The primary proposed changes are to move zoning cases from 4pm to 2pm; limiting public participation during citizen communications to once a month; scheduling briefings at 10:30am and limiting them to two a meeting; and changes in the procedure for signing up to speak.


But will the changes actually result in shorter meetings? Council Member Laura Morrison does not think it will.


But she said, “First of all I think it is important to look at the motivation behind the Mayor’s suggestion. He wanted to make sure we weren’t waiting for zoning and staying around until midnight unnecessarily. I certainly appreciate his attempt to make things more efficient.” However, after asking her aide, Robert Levinski, to do some research, Morrison concluded, “I don’t think that’s really as much of a problem as we might perceive it to be.”


Levinski said he has crunched the numbers from the last 21 Council meetings, and he doesn’t think the proposed changes will make much difference.


“This is as far back as I could go using the city’s online streaming video,” he said. “There are several caveats listed on the chart, because each Council meeting is unique. The survey clearly demonstrates that changing the zoning public hearings from 4pm to 2pm will not result in shorter meetings.” 


Over the last 21 council meetings, Levinski’s research showed that only three meetings went past midnight. 


“The August 6th meeting did have a 14-minute recess before zoning, but considering the meeting went until 12:13am, I do not believe closing that gap would have made much of a difference,” he said. “Two meetings that went past midnight (July 23 and Oct. 23) had no recesses before zoning. The time spent in recess has nothing to do with the length of the meetings. Instead, it is the substance of the issues that influences longer meetings (i.e.
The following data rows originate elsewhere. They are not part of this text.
(* There is an absolute constant $c>0$ such that for every integer $d \geq 4$ and every positive integer $k \leq d$, there exists a set $\mathcal{H}$ of hyperplanes in $\mathbb{R}^d$ with $$\operatorname{vcdim}\left(\Delta_k(\mathcal{H})\right) \geq c\, d\, k \log k,$$ i.e. $\operatorname{vcdim}(\Delta_k(\mathcal{H})) = \Omega(d \cdot k\log k)$.
   Context: For a set $\mathcal{H}$ of hyperplanes in $\mathbb{R}^d$ and an integer $1 \le k \le d$, define the set system on ground set $\mathcal{H}$ $$\Delta_k(\mathcal{H}) = \{ H \subseteq \mathcal{H} : \text{there is an open } k\text{-dimensional simplex } \Delta \text{ in } \mathbb{R}^d \text{ such that } H = \{h \in \mathcal{H} : h \cap \Delta \neq \emptyset\}\},$$ where an open $k$-dimensional simplex is the relative interior of the convex hull of $k+1$ affinely independent points of $\mathbb{R}^d$. For a set system $(X,\mathcal{R})$ and $Y \subseteq X$, $\mathcal{R}$ shatters $Y$ if $\{Y \cap R : R \in \mathcal{R}\}$ is the full power set of $Y$; $\operatorname{vcdim}(\mathcal{R})$ is the largest size of a subset of $X$ shattered by $\mathcal{R}$. Logarithms are base 2. *)

From HB Require Import structures.
From mathcomp Require Import all_boot all_order all_algebra.
From mathcomp Require Import all_classical all_reals all_analysis.
From mathcomp Require Import Rstruct Rstruct_topology.
Set Implicit Arguments. Unset Strict Implicit. Unset Printing Implicit Defensive.
Import Order.TTheory GRing.Theory Num.Theory.
Import numFieldNormedType.Exports.
Local Open Scope classical_set_scope.
Local Open Scope ring_scope.

Notation R := Rdefinitions.R.
Notation pt d := 'rV[R]_d.

Definition is_hyperplane (d : nat) (h : set (pt d)) : Prop :=
  exists (a : pt d) (b : Rdefinitions.R), a != 0 /\
    h = [set x : pt d | \sum_(j < d) a 0 j * x 0 j = b].

Definition affine_hull (d : nat) (S : set (pt d)) : set (pt d) :=
  [set x | exists (n : nat) (q : 'I_n -> pt d) (l : 'I_n -> R),
     (forall i, S (q i)) /\ \sum_(i < n) l i = 1 /\
     x = \sum_(i < n) l i *: q i].

Definition convex_hull (d : nat) (S : set (pt d)) : set (pt d) :=
  [set x | exists (n : nat) (q : 'I_n -> pt d) (l : 'I_n -> R),
     (forall i, S (q i)) /\ (forall i, 0 <= l i) /\ \sum_(i < n) l i = 1 /\
     x = \sum_(i < n) l i *: q i].

(* Relative interior: interior relative to the affine hull
   (norm on 'rV[R]_d is MathComp-Analysis' matrix norm; all norms are equivalent). *)
Definition rel_interior (d : nat) (C : set (pt d)) : set (pt d) :=
  [set x | C x /\ exists e : R, 0 < e /\
     forall y, affine_hull C y -> `|y - x| < e -> C y].

Definition aff_indep (d k : nat) (p : 'I_k.+1 -> pt d) : Prop :=
  forall l : 'I_k.+1 -> R, \sum_(i < k.+1) l i = 0 ->
    \sum_(i < k.+1) l i *: p i = 0 -> forall i, l i = 0.

Definition open_simplex (d k : nat) (p : 'I_k.+1 -> pt d) : set (pt d) :=
  rel_interior (convex_hull (range p)).

Definition Delta (d k : nat) (H : set (set (pt d))) : set (set (set (pt d))) :=
  [set Hs | exists p : 'I_k.+1 -> pt d, aff_indep p /\
     Hs = [set h | H h /\ h `&` open_simplex p !=set0]].

Definition shatters (T : Type) (F : set (set T)) (Y : set T) : Prop :=
  forall Z, Z `<=` Y -> exists2 A, F A & Y `&` A = Z.

Definition vcdim_ge (T : Type) (X : set T) (F : set (set T)) (x : R) : Prop :=
  exists (m : nat) (f : 'I_m -> T), injective f /\ (forall i, X (f i)) /\
    shatters F (range f) /\ x <= m%:R.

Definition log2 (x : R) : R := ln x / ln 2.

From HB Require Import structures.
From mathcomp Require Import all_boot all_order all_algebra.
From mathcomp Require Import all_classical all_reals all_analysis.
From mathcomp Require Import Rstruct Rstruct_topology.
From mathcomp.algebra_tactics Require Import ring lra.
From mathcomp Require Import zify.
Set Implicit Arguments. Unset Strict Implicit. Unset Printing Implicit Defensive.
Import Order.TTheory GRing.Theory Num.Theory.
Import numFieldNormedType.Exports.
Local Open Scope classical_set_scope.
Local Open Scope ring_scope.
Water Treatment Plant 4, Downtown Density Bonus, Budget, Oak Hill Neighborhood Plan).”


He said that for the two or three Council meetings where there may have been some time savings as a result of moving zoning to an earlier time, the meetings ended at 8:38pm, 6:40pm, and 7:39pm. 


“The time savings is still questionable when you consider the actual occurrences at the meetings,” he said. “At the April 2nd meeting, the 2pm staff briefings did not occur until after the zoning public hearings. The briefings went well into the evening and could have easily eaten up that recessed time.”


He said the other two meetings were unique: the March 12th meeting had no executive session items; and the February 26th meeting was kept intentionally light due to the absence of the mayor.


Council Member Morrison said she is generally for whatever will shorten the meeting, but said there are some practical matters to consider when rescheduling the zoning hearings.


“I think that requires an extraordinary amount of flexibility on the part of citizens that might want to take part in the zoning hearings,” she said. “Because of the move from 4pm to 2pm, you couldn’t really determine whether that was going to happen, I presume, until the meeting starts. I’m concerned about people with child care or other commitments.”


“I hesitate to ask people if they want to participate to have to have that kind of flexibility, but I agree anything we can do to not have to stay until midnight would be great.”